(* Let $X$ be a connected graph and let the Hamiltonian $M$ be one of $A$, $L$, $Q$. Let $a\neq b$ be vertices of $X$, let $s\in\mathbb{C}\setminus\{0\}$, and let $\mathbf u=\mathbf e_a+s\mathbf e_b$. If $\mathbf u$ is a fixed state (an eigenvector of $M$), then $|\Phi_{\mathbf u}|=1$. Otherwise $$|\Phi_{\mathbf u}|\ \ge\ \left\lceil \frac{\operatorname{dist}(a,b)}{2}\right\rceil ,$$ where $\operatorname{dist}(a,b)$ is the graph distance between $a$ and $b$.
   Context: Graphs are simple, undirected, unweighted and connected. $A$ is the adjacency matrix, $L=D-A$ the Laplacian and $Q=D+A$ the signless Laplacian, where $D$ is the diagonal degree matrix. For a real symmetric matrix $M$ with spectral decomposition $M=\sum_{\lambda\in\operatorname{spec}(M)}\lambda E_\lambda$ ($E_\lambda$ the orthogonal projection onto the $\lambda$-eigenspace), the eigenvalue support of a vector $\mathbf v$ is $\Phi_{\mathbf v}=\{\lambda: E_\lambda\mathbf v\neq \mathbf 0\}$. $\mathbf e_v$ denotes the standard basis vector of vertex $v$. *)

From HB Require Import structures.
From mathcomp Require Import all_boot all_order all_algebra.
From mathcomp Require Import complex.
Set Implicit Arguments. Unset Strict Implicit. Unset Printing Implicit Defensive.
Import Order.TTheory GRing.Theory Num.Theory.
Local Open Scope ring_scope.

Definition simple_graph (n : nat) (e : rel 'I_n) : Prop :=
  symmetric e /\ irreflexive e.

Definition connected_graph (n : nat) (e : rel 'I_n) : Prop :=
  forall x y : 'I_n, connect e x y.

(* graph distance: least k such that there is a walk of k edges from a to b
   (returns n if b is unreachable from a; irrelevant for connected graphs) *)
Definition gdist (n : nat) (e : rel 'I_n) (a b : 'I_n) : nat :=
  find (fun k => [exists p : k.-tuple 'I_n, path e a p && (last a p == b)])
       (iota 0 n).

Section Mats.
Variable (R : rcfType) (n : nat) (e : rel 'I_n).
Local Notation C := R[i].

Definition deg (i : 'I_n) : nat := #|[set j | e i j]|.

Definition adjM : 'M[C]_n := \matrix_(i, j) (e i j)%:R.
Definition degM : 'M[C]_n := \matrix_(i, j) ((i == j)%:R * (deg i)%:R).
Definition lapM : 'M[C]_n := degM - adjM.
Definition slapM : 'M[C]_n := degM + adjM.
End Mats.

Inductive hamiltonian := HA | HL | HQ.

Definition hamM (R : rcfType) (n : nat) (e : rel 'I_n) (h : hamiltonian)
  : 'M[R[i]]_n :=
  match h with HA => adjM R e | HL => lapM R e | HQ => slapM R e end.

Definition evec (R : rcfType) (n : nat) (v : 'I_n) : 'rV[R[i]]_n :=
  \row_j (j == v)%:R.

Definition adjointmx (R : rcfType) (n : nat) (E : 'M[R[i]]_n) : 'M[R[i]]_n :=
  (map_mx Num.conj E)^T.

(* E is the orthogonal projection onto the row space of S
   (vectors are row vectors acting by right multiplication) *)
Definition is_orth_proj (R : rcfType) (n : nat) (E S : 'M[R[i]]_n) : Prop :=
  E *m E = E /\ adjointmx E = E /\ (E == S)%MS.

┄┄┄┄┄┄

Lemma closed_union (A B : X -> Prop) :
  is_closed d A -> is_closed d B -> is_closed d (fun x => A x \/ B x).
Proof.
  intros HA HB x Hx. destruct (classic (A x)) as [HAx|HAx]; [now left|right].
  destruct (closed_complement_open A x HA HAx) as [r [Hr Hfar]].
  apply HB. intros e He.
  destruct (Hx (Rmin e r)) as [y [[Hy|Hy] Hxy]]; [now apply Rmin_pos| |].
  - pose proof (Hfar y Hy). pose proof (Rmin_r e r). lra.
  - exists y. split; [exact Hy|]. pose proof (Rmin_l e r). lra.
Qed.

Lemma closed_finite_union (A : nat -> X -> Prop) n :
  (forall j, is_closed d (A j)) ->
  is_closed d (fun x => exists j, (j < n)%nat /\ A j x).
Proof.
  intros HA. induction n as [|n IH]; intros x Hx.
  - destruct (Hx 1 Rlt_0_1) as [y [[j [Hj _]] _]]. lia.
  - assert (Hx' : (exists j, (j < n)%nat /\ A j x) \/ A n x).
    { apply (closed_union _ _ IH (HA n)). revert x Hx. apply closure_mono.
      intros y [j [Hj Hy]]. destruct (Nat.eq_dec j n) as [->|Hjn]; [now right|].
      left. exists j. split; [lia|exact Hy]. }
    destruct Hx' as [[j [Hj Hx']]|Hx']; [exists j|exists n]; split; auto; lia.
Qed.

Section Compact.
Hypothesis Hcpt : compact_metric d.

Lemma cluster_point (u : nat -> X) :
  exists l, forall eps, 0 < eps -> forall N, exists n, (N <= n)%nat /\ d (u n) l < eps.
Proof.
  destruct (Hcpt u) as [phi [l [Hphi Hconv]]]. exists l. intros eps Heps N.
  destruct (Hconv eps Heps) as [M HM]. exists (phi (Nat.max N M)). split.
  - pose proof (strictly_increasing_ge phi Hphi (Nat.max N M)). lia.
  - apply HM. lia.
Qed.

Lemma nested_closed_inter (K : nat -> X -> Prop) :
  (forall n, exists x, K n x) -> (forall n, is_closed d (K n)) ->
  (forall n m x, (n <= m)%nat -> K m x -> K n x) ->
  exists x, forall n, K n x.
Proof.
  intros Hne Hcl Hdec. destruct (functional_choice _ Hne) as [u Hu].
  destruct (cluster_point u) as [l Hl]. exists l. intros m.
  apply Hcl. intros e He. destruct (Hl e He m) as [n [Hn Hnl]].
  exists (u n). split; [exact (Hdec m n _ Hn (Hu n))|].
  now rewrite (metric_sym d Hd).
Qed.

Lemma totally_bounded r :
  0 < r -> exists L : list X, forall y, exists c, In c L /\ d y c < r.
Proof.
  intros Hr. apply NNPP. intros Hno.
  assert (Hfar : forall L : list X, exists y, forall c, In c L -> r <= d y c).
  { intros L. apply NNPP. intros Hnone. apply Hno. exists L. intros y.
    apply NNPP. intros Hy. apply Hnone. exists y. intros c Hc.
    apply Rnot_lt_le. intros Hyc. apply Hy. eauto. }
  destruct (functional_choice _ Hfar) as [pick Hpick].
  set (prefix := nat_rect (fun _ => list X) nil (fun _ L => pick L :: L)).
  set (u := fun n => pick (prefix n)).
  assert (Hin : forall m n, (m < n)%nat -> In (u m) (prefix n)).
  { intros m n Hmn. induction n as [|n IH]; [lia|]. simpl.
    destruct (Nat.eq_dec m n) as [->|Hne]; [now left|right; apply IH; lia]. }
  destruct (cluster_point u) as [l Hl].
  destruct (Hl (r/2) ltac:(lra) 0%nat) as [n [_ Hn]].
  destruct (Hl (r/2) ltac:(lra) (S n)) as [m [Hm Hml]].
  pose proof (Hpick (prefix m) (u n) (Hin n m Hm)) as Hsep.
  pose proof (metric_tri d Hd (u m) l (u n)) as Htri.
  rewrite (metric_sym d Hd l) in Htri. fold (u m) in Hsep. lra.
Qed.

┄┄┄┄┄┄

**Exercise description**
Leave out every line above except those from the line with "L. intros y." up to and including the line with "set (prefix := nat_rect", and copy those exactly.

**Task answer**
  { intros L. apply NNPP. intros Hnone. apply Hno. exists L. intros y.
    apply NNPP. intros Hy. apply Hnone. exists y. intros c Hc.
    apply Rnot_lt_le. intros Hyc. apply Hy. eauto. }
  destruct (functional_choice _ Hfar) as [pick Hpick].
  set (prefix := nat_rect (fun _ => list X) nil (fun _ L => pick L :: L)).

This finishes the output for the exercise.